→ Instructions for the task: Lines below starting with the line with "case: (eqVneq a j) => [eq_aj|neq_aj]." and going on through the line with "(forall s, acyclic (pr s)) ->" must be output exactly; the rest of the records must be left out.

Stored items:
_ _ _ _
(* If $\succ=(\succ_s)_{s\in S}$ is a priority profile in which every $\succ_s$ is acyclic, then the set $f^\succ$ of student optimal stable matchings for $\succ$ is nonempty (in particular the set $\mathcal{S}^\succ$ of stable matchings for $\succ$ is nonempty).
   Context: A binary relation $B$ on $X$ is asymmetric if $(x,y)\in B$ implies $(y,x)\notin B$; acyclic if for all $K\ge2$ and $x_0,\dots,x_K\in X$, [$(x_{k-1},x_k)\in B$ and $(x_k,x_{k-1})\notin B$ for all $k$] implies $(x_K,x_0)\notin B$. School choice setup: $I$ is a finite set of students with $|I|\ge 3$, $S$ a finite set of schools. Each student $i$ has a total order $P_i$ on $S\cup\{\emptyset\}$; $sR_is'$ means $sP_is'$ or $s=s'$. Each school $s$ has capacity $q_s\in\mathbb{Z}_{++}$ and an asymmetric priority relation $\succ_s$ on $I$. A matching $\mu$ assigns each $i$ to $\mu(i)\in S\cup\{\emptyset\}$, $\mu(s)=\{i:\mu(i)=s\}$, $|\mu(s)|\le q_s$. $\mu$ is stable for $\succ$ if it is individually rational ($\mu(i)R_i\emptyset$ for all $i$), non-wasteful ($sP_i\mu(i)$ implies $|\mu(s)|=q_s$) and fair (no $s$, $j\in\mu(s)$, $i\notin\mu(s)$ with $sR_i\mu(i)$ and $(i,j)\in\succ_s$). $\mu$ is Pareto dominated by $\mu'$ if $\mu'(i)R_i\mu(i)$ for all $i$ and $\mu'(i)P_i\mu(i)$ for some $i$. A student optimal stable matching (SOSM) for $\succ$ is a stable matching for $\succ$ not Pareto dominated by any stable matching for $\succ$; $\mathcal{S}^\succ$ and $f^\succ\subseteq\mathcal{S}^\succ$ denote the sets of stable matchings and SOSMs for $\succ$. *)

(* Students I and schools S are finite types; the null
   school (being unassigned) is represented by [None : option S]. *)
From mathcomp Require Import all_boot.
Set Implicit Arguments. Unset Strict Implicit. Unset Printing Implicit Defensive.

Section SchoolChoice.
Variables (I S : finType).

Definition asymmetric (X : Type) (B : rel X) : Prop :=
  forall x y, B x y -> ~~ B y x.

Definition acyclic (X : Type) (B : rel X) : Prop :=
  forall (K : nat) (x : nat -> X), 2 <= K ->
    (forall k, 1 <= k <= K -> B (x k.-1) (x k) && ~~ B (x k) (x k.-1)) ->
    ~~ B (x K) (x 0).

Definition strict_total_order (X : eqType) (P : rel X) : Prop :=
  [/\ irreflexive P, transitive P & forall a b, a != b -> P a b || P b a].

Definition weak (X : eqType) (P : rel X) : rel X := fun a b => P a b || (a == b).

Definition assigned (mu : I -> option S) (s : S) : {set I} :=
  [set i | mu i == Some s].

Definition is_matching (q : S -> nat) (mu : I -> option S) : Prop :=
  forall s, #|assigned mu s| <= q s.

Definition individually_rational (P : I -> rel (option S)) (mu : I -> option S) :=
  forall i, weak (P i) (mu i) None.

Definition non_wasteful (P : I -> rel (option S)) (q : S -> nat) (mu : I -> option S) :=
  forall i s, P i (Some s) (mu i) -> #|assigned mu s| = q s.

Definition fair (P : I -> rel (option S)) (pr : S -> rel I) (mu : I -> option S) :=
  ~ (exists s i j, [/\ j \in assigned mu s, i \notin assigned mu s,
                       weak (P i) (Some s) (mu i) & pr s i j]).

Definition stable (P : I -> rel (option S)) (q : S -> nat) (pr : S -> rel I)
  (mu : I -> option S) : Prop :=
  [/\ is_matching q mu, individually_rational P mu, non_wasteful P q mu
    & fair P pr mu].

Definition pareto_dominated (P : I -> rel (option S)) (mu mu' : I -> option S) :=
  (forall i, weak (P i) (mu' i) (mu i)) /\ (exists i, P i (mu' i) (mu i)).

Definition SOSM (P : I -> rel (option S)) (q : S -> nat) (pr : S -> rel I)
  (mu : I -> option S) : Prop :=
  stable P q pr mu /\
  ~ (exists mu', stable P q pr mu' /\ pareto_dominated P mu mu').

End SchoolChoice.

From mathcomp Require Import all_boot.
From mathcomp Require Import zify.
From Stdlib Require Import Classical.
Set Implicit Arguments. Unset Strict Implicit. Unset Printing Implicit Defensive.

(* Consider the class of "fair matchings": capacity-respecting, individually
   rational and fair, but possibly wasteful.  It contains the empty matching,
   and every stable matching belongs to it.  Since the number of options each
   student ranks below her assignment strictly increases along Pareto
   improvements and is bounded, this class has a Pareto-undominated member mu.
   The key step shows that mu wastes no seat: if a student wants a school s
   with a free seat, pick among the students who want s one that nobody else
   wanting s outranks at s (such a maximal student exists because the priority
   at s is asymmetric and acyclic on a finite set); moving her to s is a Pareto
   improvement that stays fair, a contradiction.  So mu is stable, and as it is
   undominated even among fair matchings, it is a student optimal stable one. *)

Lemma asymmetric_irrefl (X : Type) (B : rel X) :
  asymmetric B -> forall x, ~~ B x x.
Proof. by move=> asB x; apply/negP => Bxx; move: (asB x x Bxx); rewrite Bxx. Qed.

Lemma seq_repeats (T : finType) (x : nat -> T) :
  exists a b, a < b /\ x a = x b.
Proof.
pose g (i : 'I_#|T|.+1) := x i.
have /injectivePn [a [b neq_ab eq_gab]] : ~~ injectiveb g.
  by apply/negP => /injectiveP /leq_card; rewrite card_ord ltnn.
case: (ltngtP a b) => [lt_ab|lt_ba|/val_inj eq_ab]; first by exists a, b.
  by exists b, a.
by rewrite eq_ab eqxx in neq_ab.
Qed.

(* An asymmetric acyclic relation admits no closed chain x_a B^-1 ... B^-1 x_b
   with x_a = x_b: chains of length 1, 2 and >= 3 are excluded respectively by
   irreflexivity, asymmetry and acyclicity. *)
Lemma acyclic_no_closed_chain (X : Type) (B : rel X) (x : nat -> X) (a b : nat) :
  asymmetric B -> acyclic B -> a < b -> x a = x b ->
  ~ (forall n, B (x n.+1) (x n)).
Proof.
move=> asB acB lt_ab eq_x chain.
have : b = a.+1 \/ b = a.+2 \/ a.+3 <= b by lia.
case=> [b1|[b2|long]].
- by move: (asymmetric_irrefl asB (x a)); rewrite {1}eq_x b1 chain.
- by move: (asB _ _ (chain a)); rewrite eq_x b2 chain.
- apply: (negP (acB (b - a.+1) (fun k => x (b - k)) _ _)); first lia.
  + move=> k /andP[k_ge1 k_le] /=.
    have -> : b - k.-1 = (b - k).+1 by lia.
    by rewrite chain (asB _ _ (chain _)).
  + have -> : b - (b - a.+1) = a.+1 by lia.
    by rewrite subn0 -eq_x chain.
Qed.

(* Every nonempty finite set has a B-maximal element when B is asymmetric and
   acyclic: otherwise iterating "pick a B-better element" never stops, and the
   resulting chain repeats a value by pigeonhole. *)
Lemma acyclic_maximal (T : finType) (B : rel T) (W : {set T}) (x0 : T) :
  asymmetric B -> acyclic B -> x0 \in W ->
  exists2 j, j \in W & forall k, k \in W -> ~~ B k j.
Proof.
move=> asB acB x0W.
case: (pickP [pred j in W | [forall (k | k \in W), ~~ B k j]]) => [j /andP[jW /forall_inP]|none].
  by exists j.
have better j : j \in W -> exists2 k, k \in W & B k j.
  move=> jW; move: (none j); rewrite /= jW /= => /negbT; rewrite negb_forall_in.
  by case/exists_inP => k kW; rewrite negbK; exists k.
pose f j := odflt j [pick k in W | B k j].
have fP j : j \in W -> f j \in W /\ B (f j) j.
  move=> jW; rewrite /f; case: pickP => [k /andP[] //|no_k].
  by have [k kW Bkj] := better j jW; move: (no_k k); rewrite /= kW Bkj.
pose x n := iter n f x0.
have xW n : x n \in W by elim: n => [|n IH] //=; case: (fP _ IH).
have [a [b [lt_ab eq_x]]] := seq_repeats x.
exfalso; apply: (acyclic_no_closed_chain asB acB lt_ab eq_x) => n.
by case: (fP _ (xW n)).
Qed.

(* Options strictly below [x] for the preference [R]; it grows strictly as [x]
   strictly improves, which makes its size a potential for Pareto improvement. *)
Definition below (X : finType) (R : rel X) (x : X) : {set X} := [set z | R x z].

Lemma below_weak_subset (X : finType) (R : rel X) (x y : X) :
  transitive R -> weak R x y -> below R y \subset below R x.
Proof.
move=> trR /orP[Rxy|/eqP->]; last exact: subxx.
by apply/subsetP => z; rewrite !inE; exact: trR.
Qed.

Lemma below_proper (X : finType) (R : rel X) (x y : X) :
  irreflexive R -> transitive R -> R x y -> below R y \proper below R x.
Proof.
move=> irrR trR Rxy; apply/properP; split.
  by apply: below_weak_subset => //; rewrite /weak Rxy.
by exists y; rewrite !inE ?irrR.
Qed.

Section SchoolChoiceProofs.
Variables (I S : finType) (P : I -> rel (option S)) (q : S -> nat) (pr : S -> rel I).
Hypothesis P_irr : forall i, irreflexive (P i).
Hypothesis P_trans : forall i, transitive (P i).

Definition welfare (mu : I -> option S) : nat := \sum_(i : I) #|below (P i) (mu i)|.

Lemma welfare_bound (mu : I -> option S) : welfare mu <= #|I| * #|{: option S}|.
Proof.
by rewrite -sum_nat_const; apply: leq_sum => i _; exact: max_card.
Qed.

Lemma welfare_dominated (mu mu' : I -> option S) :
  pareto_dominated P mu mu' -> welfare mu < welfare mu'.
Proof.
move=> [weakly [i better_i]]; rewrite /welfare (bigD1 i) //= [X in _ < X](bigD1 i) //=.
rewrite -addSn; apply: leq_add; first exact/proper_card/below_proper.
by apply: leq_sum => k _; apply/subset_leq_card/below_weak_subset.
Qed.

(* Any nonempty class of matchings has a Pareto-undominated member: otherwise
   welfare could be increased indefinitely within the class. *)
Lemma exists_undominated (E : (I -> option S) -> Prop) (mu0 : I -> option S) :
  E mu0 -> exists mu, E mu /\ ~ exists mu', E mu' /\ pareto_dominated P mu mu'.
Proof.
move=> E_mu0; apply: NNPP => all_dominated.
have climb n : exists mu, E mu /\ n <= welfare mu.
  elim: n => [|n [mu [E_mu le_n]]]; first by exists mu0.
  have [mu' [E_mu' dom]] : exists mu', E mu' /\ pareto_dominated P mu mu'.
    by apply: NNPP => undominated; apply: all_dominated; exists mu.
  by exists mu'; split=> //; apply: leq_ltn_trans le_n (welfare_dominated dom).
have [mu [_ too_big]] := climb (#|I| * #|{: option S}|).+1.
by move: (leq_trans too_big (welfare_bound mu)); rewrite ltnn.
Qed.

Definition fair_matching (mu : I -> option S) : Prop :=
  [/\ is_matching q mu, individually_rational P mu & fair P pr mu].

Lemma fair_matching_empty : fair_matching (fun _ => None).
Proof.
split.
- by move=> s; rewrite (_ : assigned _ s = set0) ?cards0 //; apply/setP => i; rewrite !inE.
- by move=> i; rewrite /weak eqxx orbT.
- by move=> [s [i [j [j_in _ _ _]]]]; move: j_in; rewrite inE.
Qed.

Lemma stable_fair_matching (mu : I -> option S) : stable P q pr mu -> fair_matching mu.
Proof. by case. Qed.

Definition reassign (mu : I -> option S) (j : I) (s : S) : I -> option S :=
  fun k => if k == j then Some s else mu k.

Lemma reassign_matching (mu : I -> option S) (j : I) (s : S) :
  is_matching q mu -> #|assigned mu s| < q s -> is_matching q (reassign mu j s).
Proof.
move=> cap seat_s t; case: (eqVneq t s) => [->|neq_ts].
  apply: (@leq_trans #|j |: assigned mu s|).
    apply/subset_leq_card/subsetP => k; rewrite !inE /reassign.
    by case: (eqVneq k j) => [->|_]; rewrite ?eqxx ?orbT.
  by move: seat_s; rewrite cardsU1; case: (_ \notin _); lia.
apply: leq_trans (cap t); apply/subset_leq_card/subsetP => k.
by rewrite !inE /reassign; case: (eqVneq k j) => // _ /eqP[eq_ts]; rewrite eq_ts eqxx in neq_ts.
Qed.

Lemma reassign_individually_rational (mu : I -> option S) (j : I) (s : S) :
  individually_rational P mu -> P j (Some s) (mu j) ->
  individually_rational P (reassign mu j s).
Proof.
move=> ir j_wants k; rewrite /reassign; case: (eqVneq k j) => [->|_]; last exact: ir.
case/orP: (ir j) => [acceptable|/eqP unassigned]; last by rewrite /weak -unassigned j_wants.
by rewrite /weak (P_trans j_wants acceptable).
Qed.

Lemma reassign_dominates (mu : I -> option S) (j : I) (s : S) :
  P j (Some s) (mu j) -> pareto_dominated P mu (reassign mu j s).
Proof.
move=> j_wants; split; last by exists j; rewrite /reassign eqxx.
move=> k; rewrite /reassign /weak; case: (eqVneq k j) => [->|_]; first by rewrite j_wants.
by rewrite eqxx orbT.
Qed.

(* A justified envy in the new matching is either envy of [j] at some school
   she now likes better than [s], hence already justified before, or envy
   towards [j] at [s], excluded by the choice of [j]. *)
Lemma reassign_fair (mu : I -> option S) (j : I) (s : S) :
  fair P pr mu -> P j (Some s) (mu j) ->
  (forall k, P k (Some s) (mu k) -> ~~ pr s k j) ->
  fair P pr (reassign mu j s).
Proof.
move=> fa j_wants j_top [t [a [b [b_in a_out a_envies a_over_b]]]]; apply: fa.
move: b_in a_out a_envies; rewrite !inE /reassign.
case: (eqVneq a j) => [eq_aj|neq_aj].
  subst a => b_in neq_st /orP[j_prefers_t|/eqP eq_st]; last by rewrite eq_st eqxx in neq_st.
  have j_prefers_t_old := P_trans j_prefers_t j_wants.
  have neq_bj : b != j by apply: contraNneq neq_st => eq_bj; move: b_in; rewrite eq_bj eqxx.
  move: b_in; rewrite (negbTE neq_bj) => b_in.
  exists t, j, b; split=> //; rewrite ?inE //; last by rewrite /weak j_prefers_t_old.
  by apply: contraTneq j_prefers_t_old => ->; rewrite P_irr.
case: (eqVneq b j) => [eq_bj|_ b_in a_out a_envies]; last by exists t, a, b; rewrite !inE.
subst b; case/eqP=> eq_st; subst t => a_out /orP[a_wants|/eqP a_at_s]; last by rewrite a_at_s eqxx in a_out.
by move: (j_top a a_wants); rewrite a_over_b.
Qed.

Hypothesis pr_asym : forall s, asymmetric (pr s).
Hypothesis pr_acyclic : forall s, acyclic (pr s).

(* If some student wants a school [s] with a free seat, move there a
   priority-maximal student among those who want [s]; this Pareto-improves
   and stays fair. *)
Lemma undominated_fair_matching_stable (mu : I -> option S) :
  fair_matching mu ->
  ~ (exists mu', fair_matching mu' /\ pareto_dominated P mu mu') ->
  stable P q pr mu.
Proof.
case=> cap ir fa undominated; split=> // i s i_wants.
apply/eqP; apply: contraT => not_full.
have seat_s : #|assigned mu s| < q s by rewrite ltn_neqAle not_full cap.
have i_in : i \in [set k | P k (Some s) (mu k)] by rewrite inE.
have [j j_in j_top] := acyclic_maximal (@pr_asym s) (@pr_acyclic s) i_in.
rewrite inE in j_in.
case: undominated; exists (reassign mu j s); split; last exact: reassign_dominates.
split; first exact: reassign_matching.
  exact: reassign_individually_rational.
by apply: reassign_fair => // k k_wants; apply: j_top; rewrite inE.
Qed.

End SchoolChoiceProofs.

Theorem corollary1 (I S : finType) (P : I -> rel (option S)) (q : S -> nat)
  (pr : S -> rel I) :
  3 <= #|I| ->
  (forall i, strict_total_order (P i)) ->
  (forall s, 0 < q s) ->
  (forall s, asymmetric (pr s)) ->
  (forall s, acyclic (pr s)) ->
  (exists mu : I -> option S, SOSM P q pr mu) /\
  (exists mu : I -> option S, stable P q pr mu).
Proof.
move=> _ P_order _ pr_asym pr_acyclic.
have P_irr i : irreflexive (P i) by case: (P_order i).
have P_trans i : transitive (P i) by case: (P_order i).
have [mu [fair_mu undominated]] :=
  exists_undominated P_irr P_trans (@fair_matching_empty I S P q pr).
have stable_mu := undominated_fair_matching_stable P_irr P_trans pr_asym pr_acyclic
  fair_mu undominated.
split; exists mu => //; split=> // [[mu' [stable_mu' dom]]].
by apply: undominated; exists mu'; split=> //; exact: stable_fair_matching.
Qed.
_ _ _ _
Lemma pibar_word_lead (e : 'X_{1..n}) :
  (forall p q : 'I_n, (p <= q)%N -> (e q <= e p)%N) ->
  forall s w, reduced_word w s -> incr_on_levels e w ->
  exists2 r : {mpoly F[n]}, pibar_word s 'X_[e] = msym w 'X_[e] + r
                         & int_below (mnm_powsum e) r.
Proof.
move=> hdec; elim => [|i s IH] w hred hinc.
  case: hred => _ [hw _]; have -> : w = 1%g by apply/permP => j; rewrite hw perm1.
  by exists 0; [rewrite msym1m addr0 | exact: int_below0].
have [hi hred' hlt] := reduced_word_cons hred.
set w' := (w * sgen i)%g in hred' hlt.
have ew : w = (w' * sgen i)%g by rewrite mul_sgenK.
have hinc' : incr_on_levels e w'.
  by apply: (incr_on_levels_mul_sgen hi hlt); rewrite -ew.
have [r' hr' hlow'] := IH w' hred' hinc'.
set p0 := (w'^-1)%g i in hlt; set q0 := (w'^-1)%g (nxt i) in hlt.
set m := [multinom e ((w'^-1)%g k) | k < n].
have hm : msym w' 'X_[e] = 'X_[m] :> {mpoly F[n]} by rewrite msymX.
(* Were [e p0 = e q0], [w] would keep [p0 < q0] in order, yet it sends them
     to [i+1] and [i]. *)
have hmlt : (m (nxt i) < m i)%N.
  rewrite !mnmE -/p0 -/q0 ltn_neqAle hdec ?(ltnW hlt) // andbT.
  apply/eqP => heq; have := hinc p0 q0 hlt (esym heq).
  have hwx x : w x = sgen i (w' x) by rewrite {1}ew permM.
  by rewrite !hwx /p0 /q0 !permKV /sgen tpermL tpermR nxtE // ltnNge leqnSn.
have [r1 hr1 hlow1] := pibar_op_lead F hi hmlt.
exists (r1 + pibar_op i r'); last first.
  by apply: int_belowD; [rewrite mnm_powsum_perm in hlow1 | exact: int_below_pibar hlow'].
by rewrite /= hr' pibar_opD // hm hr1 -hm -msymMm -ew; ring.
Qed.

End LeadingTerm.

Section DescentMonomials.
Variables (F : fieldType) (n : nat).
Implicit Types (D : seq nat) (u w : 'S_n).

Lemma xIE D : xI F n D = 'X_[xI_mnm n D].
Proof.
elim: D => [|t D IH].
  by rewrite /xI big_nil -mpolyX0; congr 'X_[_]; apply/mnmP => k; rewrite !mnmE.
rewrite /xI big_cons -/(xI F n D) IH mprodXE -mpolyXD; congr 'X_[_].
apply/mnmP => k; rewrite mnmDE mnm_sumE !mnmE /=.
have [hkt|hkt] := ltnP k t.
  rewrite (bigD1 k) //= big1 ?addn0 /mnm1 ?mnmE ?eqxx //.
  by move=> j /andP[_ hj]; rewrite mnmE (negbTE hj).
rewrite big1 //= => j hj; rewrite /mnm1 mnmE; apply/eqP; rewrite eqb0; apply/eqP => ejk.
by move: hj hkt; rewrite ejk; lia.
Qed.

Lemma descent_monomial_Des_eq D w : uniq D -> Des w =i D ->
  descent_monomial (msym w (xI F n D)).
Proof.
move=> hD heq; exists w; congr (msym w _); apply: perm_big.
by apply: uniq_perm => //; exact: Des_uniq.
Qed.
_ _ _ _
→ Task response:
case: (eqVneq a j) => [eq_aj|neq_aj].
  subst a => b_in neq_st /orP[j_prefers_t|/eqP eq_st]; last by rewrite eq_st eqxx in neq_st.
  have j_prefers_t_old := P_trans j_prefers_t j_wants.
  have neq_bj : b != j by apply: contraNneq neq_st => eq_bj; move: b_in; rewrite eq_bj eqxx.
  move: b_in; rewrite (negbTE neq_bj) => b_in.
  exists t, j, b; split=> //; rewrite ?inE //; last by rewrite /weak j_prefers_t_old.
  by apply: contraTneq j_prefers_t_old => ->; rewrite P_irr.
case: (eqVneq b j) => [eq_bj|_ b_in a_out a_envies]; last by exists t, a, b; rewrite !inE.
subst b; case/eqP=> eq_st; subst t => a_out /orP[a_wants|/eqP a_at_s]; last by rewrite a_at_s eqxx in a_out.
by move: (j_top a a_wants); rewrite a_over_b.
Qed.

Hypothesis pr_asym : forall s, asymmetric (pr s).
Hypothesis pr_acyclic : forall s, acyclic (pr s).

(* If some student wants a school [s] with a free seat, move there a
   priority-maximal student among those who want [s]; this Pareto-improves
   and stays fair. *)
Lemma undominated_fair_matching_stable (mu : I -> option S) :
  fair_matching mu ->
  ~ (exists mu', fair_matching mu' /\ pareto_dominated P mu mu') ->
  stable P q pr mu.
Proof.
case=> cap ir fa undominated; split=> // i s i_wants.
apply/eqP; apply: contraT => not_full.
have seat_s : #|assigned mu s| < q s by rewrite ltn_neqAle not_full cap.
have i_in : i \in [set k | P k (Some s) (mu k)] by rewrite inE.
have [j j_in j_top] := acyclic_maximal (@pr_asym s) (@pr_acyclic s) i_in.
rewrite inE in j_in.
case: undominated; exists (reassign mu j s); split; last exact: reassign_dominates.
split; first exact: reassign_matching.
  exact: reassign_individually_rational.
by apply: reassign_fair => // k k_wants; apply: j_top; rewrite inE.
Qed.

End SchoolChoiceProofs.

Theorem corollary1 (I S : finType) (P : I -> rel (option S)) (q : S -> nat)
  (pr : S -> rel I) :
  3 <= #|I| ->
  (forall i, strict_total_order (P i)) ->
  (forall s, 0 < q s) ->
  (forall s, asymmetric (pr s)) ->
  (forall s, acyclic (pr s)) ->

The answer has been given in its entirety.